Transcribe the entries that follow, word for word.

++++ EXERCISE DATA

Lemma length_laws_counters D h l u : 1 <= l <= D ->
  (forall a b, run D h a b -> l <= b - a + 1 <= u) ->
  length_laws D l u (nstarts h) (nends D h).
Proof.
move=> /andP[l_gt0 lD] len_ab.
have lower := nends_add_min_le l_gt0 (fun a b r => proj1 (andP (len_ab a b r))).
have upper := nstarts_le_add_max (fun a b r => proj2 (andP (len_ab a b r))).
split=> [||d Hd|d Hd]; last by apply: upper; lia.
- by have := lower 0 ltac:(lia); rewrite nstarts0 nends1 add0n leqn0 => /eqP.
- have := lower (D - l + 1) ltac:(lia).
  have -> : D - l + 1 + l = D.+1 by lia.
  rewrite nends_last; last lia.
  by have := @nstarts_mono h (D - l + 1) D ltac:(lia); lia.
- by have := lower d ltac:(lia).
Qed.

Lemma length_laws_shift D l u S T S' T' c : 1 <= l <= D ->
  (forall d, 1 <= d <= D -> S' d = S d + c /\ T' d = T d + c) ->
  length_laws D l u S T -> length_laws D l u S' T'.
Proof.
move=> Hl ST [Tl SDl lower upper].
have ES d : 1 <= d <= D -> S' d = S d + c by case/ST.
have ET d : 1 <= d <= D -> T' d = T d + c by case/ST.
split=> [||d Hd|d Hd].
- by rewrite !ET ?Tl //; lia.
- by rewrite !ES ?SDl //; lia.
- by rewrite ES ?ET ?leq_add2r ?lower //; lia.
- by rewrite ES ?ET ?leq_add2r ?upper //; lia.
Qed.

Lemma length_laws_off D h l u : 1 <= l <= D ->
  (forall a b, run D (fun e => ~~ h e) a b -> l <= b - a + 1 <= u) ->
  length_laws D l u (fun d => nends D h d + 1) (nstarts h).
Proof.
move=> Hl len_ab; apply: (length_laws_shift (c := h 1)) Hl _ (length_laws_counters Hl len_ab).
by move=> d Hd; rewrite (nstarts_compl h Hd) (nends_compl h Hd).
Qed.

Lemma sum_addn1 n (F : 'I_n -> nat) : \sum_(i < n) (F i + 1) = \sum_(i < n) F i + n.
Proof. by rewrite big_split /= sum_nat_const card_ord muln1. Qed.

Section SumLaws.
Variables (n D : nat) (S T : nat -> nat) (s t : 'I_n -> nat -> nat).
Hypothesis sum_st : forall d, 1 <= d <= D -> S d = \sum_i s i d /\ T d = \sum_i t i d.

Let S_sum d : 1 <= d <= D -> S d = \sum_i s i d. Proof. by case/sum_st. Qed.
Let T_sum d : 1 <= d <= D -> T d = \sum_i t i d. Proof. by case/sum_st. Qed.

Lemma window_laws_sum : (forall i, window_laws D 1 (s i) (t i)) -> window_laws D n S T.
Proof.
move=> laws d Hd; rewrite !S_sum ?T_sum -?sum_addn1; try lia.
by split; [|split; [|split]]; apply: leq_sum => i _; case: (laws i d Hd) => ? [? [? ?]].
Qed.

Lemma length_laws_sum l u : 1 <= l <= D ->
  (forall i, length_laws D l u (s i) (t i)) -> length_laws D l u S T.
Proof.
move=> Hl laws; split=> [||d Hd|d Hd].
- by rewrite !T_sum; try lia; apply: eq_bigr => i _; case: (laws i).
- by rewrite !S_sum; try lia; apply: eq_bigr => i _; case: (laws i).
- rewrite S_sum ?T_sum; try lia.
  by apply: leq_sum => i _; case: (laws i) => _ _ lower _; apply: lower.
- rewrite S_sum ?T_sum; try lia.
  by apply: leq_sum => i _; case: (laws i) => _ _ _ upper; apply: upper.
Qed.

End SumLaws.

Section Window.
Variable N : nat.

Definition in_window (a b i : nat) : bool := has (fun k => k %% N == i) (iota a (b - a)).

Lemma in_windowP a b i : reflect (exists k, [/\ a <= k, k < b & k %% N = i]) (in_window a b i).
Proof.
apply: (iffP hasP) => [[k] | [k [ak kb <-]]].
  by rewrite mem_iota => ak /eqP <-; exists k; split=> //; lia.
by exists k; rewrite ?mem_iota //; lia.
Qed.

Lemma eq_mod_window a k k' : a <= k < a + N -> a <= k' < a + N -> k %% N = k' %% N -> k = k'.
Proof.
wlog kk' : k k' / k <= k' => [wlog_kk' Hk Hk' kk'N|].
  by case: (leqP k k') => [|/ltnW] /wlog_kk' ->.
move=> Hk Hk' /eqP; have -> : k' = k + (k' - k) by lia.
by rewrite -[k in k %% N]addn0 eq_sym eqn_modDl mod0n modn_small; lia.
Qed.

Lemma in_window_cat a m b i : a <= m <= b ->
  in_window a b i = in_window a m i || in_window m b i.
Proof.
move=> amb; rewrite /in_window -has_cat.
have -> : b - a = (m - a) + (b - m) by lia.
by rewrite iotaD subnKC //; case/andP: amb.
Qed.

Lemma in_window1 b i : in_window b b.+1 i = (b %% N == i).
Proof. by rewrite /in_window subSnn /= orbF. Qed.

Lemma in_window_disjoint a b c d i : b <= c -> d <= a + N ->
  in_window a b i -> ~~ in_window c d i.
Proof.
move=> bc da /in_windowP[k [ak kb <-]]; apply/in_windowP => -[k' [ck' k'd k'k]].
by have := @eq_mod_window a k k' ltac:(lia) ltac:(lia) (esym k'k); lia.
Qed.

Lemma in_window_full a i : i < N -> in_window a (a + N) i.
Proof.
move=> iN; have N_gt0 : 0 < N by lia.
apply/in_windowP; exists (a + (i + N - a %% N) %% N); split.
- exact: leq_addr.
- by rewrite ltn_add2l ltn_pmod.
rewrite modnDmr.
have -> : a + (i + N - a %% N) = (a %/ N).+1 * N + i.
  by move: (divn_eq a N) (ltn_pmod a N_gt0); rewrite mulSn; lia.
by rewrite modnMDl modn_small.
Qed.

++++++++

## SOLVED PROBLEM
Lemma length_laws_counters D h l u : 1 <= l <= D ->
  (forall a b, run D h a b -> l <= b - a + 1 <= u) ->
  length_laws D l u (nstarts h) (nends D h).
Proof.
move=> /andP[l_gt0 lD] len_ab.
have lower := nends_add_min_le l_gt0 (fun a b r => proj1 (andP (len_ab a b r))).
have upper := nstarts_le_add_max (fun a b r => proj2 (andP (len_ab a b r))).
split=> [||d Hd|d Hd]; last by apply: upper; lia.
- by have := lower 0 ltac:(lia); rewrite nstarts0 nends1 add0n leqn0 => /eqP.
- have := lower (D - l + 1) ltac:(lia).
  have -> : D - l + 1 + l = D.+1 by lia.
  rewrite nends_last; last lia.
  by have := @nstarts_mono h (D - l + 1) D ltac:(lia); lia.
- by have := lower d ltac:(lia).
Qed.

Lemma length_laws_shift D l u S T S' T' c : 1 <= l <= D ->
  (forall d, 1 <= d <= D -> S' d = S d + c /\ T' d = T d + c) ->
  length_laws D l u S T -> length_laws D l u S' T'.
Proof.
move=> Hl ST [Tl SDl lower upper].
have ES d : 1 <= d <= D -> S' d = S d + c by case/ST.
have ET d : 1 <= d <= D -> T' d = T d + c by case/ST.
split=> [||d Hd|d Hd].
- by rewrite !ET ?Tl //; lia.
- by rewrite !ES ?SDl //; lia.
- by rewrite ES ?ET ?leq_add2r ?lower //; lia.
- by rewrite ES ?ET ?leq_add2r ?upper //; lia.
Qed.

Lemma length_laws_off D h l u : 1 <= l <= D ->
  (forall a b, run D (fun e => ~~ h e) a b -> l <= b - a + 1 <= u) ->
  length_laws D l u (fun d => nends D h d + 1) (nstarts h).
Proof.
move=> Hl len_ab; apply: (length_laws_shift (c := h 1)) Hl _ (length_laws_counters Hl len_ab).
by move=> d Hd; rewrite (nstarts_compl h Hd) (nends_compl h Hd).
Qed.

Lemma sum_addn1 n (F : 'I_n -> nat) : \sum_(i < n) (F i + 1) = \sum_(i < n) F i + n.
Proof. by rewrite big_split /= sum_nat_const card_ord muln1. Qed.

Section SumLaws.
Variables (n D : nat) (S T : nat -> nat) (s t : 'I_n -> nat -> nat).
Hypothesis sum_st : forall d, 1 <= d <= D -> S d = \sum_i s i d /\ T d = \sum_i t i d.

Let S_sum d : 1 <= d <= D -> S d = \sum_i s i d. Proof. by case/sum_st. Qed.
Let T_sum d : 1 <= d <= D -> T d = \sum_i t i d. Proof. by case/sum_st. Qed.

Lemma window_laws_sum : (forall i, window_laws D 1 (s i) (t i)) -> window_laws D n S T.
Proof.
move=> laws d Hd; rewrite !S_sum ?T_sum -?sum_addn1; try lia.
by split; [|split; [|split]]; apply: leq_sum => i _; case: (laws i d Hd) => ? [? [? ?]].
Qed.

Lemma length_laws_sum l u : 1 <= l <= D ->
  (forall i, length_laws D l u (s i) (t i)) -> length_laws D l u S T.
Proof.
move=> Hl laws; split=> [||d Hd|d Hd].
- by rewrite !T_sum; try lia; apply: eq_bigr => i _; case: (laws i).
- by rewrite !S_sum; try lia; apply: eq_bigr => i _; case: (laws i).
- rewrite S_sum ?T_sum; try lia.
  by apply: leq_sum => i _; case: (laws i) => _ _ lower _; apply: lower.
- rewrite S_sum ?T_sum; try lia.
  by apply: leq_sum => i _; case: (laws i) => _ _ _ upper; apply: upper.
Qed.

End SumLaws.

Section Window.
Variable N : nat.

Definition in_window (a b i : nat) : bool := has (fun k => k %% N == i) (iota a (b - a)).

Lemma in_windowP a b i : reflect (exists k, [/\ a <= k, k < b & k %% N = i]) (in_window a b i).
Proof.
apply: (iffP hasP) => [[k] | [k [ak kb <-]]].
  by rewrite mem_iota => ak /eqP <-; exists k; split=> //; lia.
by exists k; rewrite ?mem_iota //; lia.
Qed.

Lemma eq_mod_window a k k' : a <= k < a + N -> a <= k' < a + N -> k %% N = k' %% N -> k = k'.
Proof.
wlog kk' : k k' / k <= k' => [wlog_kk' Hk Hk' kk'N|].
  by case: (leqP k k') => [|/ltnW] /wlog_kk' ->.
move=> Hk Hk' /eqP; have -> : k' = k + (k' - k) by lia.
by rewrite -[k in k %% N]addn0 eq_sym eqn_modDl mod0n modn_small; lia.
Qed.

Lemma in_window_cat a m b i : a <= m <= b ->
  in_window a b i = in_window a m i || in_window m b i.
Proof.
move=> amb; rewrite /in_window -has_cat.
have -> : b - a = (m - a) + (b - m) by lia.
by rewrite iotaD subnKC //; case/andP: amb.
Qed.

Lemma in_window1 b i : in_window b b.+1 i = (b %% N == i).
Proof. by rewrite /in_window subSnn /= orbF. Qed.

Lemma in_window_disjoint a b c d i : b <= c -> d <= a + N ->
  in_window a b i -> ~~ in_window c d i.
Proof.
move=> bc da /in_windowP[k [ak kb <-]]; apply/in_windowP => -[k' [ck' k'd k'k]].
by have := @eq_mod_window a k k' ltac:(lia) ltac:(lia) (esym k'k); lia.
Qed.

Lemma in_window_full a i : i < N -> in_window a (a + N) i.
Proof.
move=> iN; have N_gt0 : 0 < N by lia.
apply/in_windowP; exists (a + (i + N - a %% N) %% N); split.
- exact: leq_addr.
- by rewrite ltn_add2l ltn_pmod.
rewrite modnDmr.
have -> : a + (i + N - a %% N) = (a %/ N).+1 * N + i.
  by move: (divn_eq a N) (ltn_pmod a N_gt0); rewrite mulSn; lia.
by rewrite modnMDl modn_small.
Qed.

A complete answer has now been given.